• [Work request]: Down to the last line below, give the listing again exactly.

• [Available records]:
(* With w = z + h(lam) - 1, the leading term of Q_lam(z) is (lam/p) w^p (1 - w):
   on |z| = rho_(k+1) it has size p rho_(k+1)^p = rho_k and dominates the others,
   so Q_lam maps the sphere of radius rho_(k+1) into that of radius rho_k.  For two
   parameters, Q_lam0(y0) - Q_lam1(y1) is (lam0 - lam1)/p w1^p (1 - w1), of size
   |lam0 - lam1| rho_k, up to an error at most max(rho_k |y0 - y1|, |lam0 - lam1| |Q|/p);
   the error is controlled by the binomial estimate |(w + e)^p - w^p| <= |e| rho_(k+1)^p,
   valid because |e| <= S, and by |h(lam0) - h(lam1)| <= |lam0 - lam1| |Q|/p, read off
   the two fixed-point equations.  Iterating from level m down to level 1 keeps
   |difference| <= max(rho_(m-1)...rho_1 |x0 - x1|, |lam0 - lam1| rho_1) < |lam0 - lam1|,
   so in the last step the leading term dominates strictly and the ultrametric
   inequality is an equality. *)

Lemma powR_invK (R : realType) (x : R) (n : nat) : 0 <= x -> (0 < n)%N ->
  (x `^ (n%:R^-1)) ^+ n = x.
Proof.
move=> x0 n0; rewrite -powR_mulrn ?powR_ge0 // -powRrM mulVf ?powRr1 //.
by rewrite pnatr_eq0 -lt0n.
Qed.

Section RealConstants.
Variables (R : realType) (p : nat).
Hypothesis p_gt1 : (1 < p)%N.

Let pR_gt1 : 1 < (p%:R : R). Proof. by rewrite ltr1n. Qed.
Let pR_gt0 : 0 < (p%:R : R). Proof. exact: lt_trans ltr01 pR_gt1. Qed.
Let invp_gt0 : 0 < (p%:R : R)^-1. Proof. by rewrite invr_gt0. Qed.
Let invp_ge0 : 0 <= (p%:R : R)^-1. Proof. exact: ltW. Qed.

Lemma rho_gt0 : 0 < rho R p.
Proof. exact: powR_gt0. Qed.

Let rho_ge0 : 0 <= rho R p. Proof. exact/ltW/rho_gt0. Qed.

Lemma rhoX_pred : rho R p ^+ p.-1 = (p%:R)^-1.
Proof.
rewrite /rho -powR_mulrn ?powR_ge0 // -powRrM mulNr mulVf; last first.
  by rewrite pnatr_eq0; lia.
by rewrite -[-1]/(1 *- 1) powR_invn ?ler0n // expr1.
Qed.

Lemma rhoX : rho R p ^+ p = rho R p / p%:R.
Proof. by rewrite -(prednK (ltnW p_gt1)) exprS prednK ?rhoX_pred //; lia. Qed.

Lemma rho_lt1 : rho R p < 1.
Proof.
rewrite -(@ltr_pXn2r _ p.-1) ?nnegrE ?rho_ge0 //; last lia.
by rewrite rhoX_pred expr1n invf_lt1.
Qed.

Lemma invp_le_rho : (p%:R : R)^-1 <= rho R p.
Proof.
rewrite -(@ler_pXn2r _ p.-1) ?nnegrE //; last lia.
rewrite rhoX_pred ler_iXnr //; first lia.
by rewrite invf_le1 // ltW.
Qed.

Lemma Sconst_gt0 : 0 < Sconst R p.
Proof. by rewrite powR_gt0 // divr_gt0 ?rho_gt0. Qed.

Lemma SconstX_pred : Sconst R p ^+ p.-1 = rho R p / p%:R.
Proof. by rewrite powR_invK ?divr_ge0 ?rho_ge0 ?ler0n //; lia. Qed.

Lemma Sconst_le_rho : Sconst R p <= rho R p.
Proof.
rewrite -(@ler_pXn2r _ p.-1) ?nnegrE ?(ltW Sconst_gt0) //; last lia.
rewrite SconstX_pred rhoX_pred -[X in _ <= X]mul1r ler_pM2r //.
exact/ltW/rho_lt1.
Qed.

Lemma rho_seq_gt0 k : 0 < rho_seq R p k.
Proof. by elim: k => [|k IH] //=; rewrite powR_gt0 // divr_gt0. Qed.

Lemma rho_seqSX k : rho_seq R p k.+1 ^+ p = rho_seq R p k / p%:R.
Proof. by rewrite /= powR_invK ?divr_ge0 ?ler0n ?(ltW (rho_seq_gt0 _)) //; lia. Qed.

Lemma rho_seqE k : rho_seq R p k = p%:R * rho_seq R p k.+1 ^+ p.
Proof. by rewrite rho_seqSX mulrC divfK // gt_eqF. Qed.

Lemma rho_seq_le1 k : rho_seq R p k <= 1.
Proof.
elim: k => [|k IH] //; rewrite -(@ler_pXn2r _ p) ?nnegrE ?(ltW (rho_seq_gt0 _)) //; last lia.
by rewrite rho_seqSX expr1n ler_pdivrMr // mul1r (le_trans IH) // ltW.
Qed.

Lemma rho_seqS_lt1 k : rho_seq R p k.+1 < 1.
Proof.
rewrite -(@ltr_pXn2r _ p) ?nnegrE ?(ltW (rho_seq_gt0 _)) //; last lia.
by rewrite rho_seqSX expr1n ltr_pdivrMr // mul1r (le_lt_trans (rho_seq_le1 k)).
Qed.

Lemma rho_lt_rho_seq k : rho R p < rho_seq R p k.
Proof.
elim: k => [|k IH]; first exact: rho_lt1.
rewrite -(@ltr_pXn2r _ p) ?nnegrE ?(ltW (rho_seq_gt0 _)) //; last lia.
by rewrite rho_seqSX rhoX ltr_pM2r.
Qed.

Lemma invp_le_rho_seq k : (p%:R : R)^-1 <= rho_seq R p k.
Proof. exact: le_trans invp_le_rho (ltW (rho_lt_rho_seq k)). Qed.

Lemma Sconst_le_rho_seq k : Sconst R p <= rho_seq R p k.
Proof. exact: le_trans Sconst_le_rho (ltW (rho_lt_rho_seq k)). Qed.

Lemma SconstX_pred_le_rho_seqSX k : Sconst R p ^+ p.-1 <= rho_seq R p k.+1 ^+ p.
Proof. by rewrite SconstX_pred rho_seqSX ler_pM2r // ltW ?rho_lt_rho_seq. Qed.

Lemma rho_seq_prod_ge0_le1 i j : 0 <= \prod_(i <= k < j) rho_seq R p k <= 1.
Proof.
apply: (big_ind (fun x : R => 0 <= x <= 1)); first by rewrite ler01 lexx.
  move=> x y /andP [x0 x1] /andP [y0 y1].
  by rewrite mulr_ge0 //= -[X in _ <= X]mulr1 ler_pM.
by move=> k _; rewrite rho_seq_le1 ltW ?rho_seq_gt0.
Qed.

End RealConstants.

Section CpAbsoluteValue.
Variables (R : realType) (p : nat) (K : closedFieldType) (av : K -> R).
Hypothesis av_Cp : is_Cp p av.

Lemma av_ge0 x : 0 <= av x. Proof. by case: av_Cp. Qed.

• [Reply]:
(* With w = z + h(lam) - 1, the leading term of Q_lam(z) is (lam/p) w^p (1 - w):
   on |z| = rho_(k+1) it has size p rho_(k+1)^p = rho_k and dominates the others,
   so Q_lam maps the sphere of radius rho_(k+1) into that of radius rho_k.  For two
   parameters, Q_lam0(y0) - Q_lam1(y1) is (lam0 - lam1)/p w1^p (1 - w1), of size
   |lam0 - lam1| rho_k, up to an error at most max(rho_k |y0 - y1|, |lam0 - lam1| |Q|/p);
   the error is controlled by the binomial estimate |(w + e)^p - w^p| <= |e| rho_(k+1)^p,
   valid because |e| <= S, and by |h(lam0) - h(lam1)| <= |lam0 - lam1| |Q|/p, read off
   the two fixed-point equations.  Iterating from level m down to level 1 keeps
   |difference| <= max(rho_(m-1)...rho_1 |x0 - x1|, |lam0 - lam1| rho_1) < |lam0 - lam1|,
   so in the last step the leading term dominates strictly and the ultrametric
   inequality is an equality. *)

Lemma powR_invK (R : realType) (x : R) (n : nat) : 0 <= x -> (0 < n)%N ->
  (x `^ (n%:R^-1)) ^+ n = x.
Proof.
move=> x0 n0; rewrite -powR_mulrn ?powR_ge0 // -powRrM mulVf ?powRr1 //.
by rewrite pnatr_eq0 -lt0n.
Qed.

Section RealConstants.
Variables (R : realType) (p : nat).
Hypothesis p_gt1 : (1 < p)%N.

Let pR_gt1 : 1 < (p%:R : R). Proof. by rewrite ltr1n. Qed.
Let pR_gt0 : 0 < (p%:R : R). Proof. exact: lt_trans ltr01 pR_gt1. Qed.
Let invp_gt0 : 0 < (p%:R : R)^-1. Proof. by rewrite invr_gt0. Qed.
Let invp_ge0 : 0 <= (p%:R : R)^-1. Proof. exact: ltW. Qed.

Lemma rho_gt0 : 0 < rho R p.
Proof. exact: powR_gt0. Qed.

Let rho_ge0 : 0 <= rho R p. Proof. exact/ltW/rho_gt0. Qed.

Lemma rhoX_pred : rho R p ^+ p.-1 = (p%:R)^-1.
Proof.
rewrite /rho -powR_mulrn ?powR_ge0 // -powRrM mulNr mulVf; last first.
  by rewrite pnatr_eq0; lia.
by rewrite -[-1]/(1 *- 1) powR_invn ?ler0n // expr1.
Qed.

Lemma rhoX : rho R p ^+ p = rho R p / p%:R.
Proof. by rewrite -(prednK (ltnW p_gt1)) exprS prednK ?rhoX_pred //; lia. Qed.

Lemma rho_lt1 : rho R p < 1.
Proof.
rewrite -(@ltr_pXn2r _ p.-1) ?nnegrE ?rho_ge0 //; last lia.
by rewrite rhoX_pred expr1n invf_lt1.
Qed.

Lemma invp_le_rho : (p%:R : R)^-1 <= rho R p.
Proof.
rewrite -(@ler_pXn2r _ p.-1) ?nnegrE //; last lia.
rewrite rhoX_pred ler_iXnr //; first lia.
by rewrite invf_le1 // ltW.
Qed.

Lemma Sconst_gt0 : 0 < Sconst R p.
Proof. by rewrite powR_gt0 // divr_gt0 ?rho_gt0. Qed.

Lemma SconstX_pred : Sconst R p ^+ p.-1 = rho R p / p%:R.
Proof. by rewrite powR_invK ?divr_ge0 ?rho_ge0 ?ler0n //; lia. Qed.

Lemma Sconst_le_rho : Sconst R p <= rho R p.
Proof.
rewrite -(@ler_pXn2r _ p.-1) ?nnegrE ?(ltW Sconst_gt0) //; last lia.
rewrite SconstX_pred rhoX_pred -[X in _ <= X]mul1r ler_pM2r //.
exact/ltW/rho_lt1.
Qed.

Lemma rho_seq_gt0 k : 0 < rho_seq R p k.
Proof. by elim: k => [|k IH] //=; rewrite powR_gt0 // divr_gt0. Qed.

Lemma rho_seqSX k : rho_seq R p k.+1 ^+ p = rho_seq R p k / p%:R.
Proof. by rewrite /= powR_invK ?divr_ge0 ?ler0n ?(ltW (rho_seq_gt0 _)) //; lia. Qed.

Lemma rho_seqE k : rho_seq R p k = p%:R * rho_seq R p k.+1 ^+ p.
Proof. by rewrite rho_seqSX mulrC divfK // gt_eqF. Qed.

Lemma rho_seq_le1 k : rho_seq R p k <= 1.
Proof.
elim: k => [|k IH] //; rewrite -(@ler_pXn2r _ p) ?nnegrE ?(ltW (rho_seq_gt0 _)) //; last lia.
by rewrite rho_seqSX expr1n ler_pdivrMr // mul1r (le_trans IH) // ltW.
Qed.

Lemma rho_seqS_lt1 k : rho_seq R p k.+1 < 1.
Proof.
rewrite -(@ltr_pXn2r _ p) ?nnegrE ?(ltW (rho_seq_gt0 _)) //; last lia.
by rewrite rho_seqSX expr1n ltr_pdivrMr // mul1r (le_lt_trans (rho_seq_le1 k)).
Qed.

Lemma rho_lt_rho_seq k : rho R p < rho_seq R p k.
Proof.
elim: k => [|k IH]; first exact: rho_lt1.
rewrite -(@ltr_pXn2r _ p) ?nnegrE ?(ltW (rho_seq_gt0 _)) //; last lia.
by rewrite rho_seqSX rhoX ltr_pM2r.
Qed.

Lemma invp_le_rho_seq k : (p%:R : R)^-1 <= rho_seq R p k.
Proof. exact: le_trans invp_le_rho (ltW (rho_lt_rho_seq k)). Qed.

Lemma Sconst_le_rho_seq k : Sconst R p <= rho_seq R p k.
Proof. exact: le_trans Sconst_le_rho (ltW (rho_lt_rho_seq k)). Qed.

Lemma SconstX_pred_le_rho_seqSX k : Sconst R p ^+ p.-1 <= rho_seq R p k.+1 ^+ p.
Proof. by rewrite SconstX_pred rho_seqSX ler_pM2r // ltW ?rho_lt_rho_seq. Qed.

Lemma rho_seq_prod_ge0_le1 i j : 0 <= \prod_(i <= k < j) rho_seq R p k <= 1.
Proof.
apply: (big_ind (fun x : R => 0 <= x <= 1)); first by rewrite ler01 lexx.
  move=> x y /andP [x0 x1] /andP [y0 y1].
  by rewrite mulr_ge0 //= -[X in _ <= X]mulr1 ler_pM.
by move=> k _; rewrite rho_seq_le1 ltW ?rho_seq_gt0.
Qed.

End RealConstants.

Section CpAbsoluteValue.
Variables (R : realType) (p : nat) (K : closedFieldType) (av : K -> R).
Hypothesis av_Cp : is_Cp p av.

Lemma av_ge0 x : 0 <= av x. Proof. by case: av_Cp. Qed.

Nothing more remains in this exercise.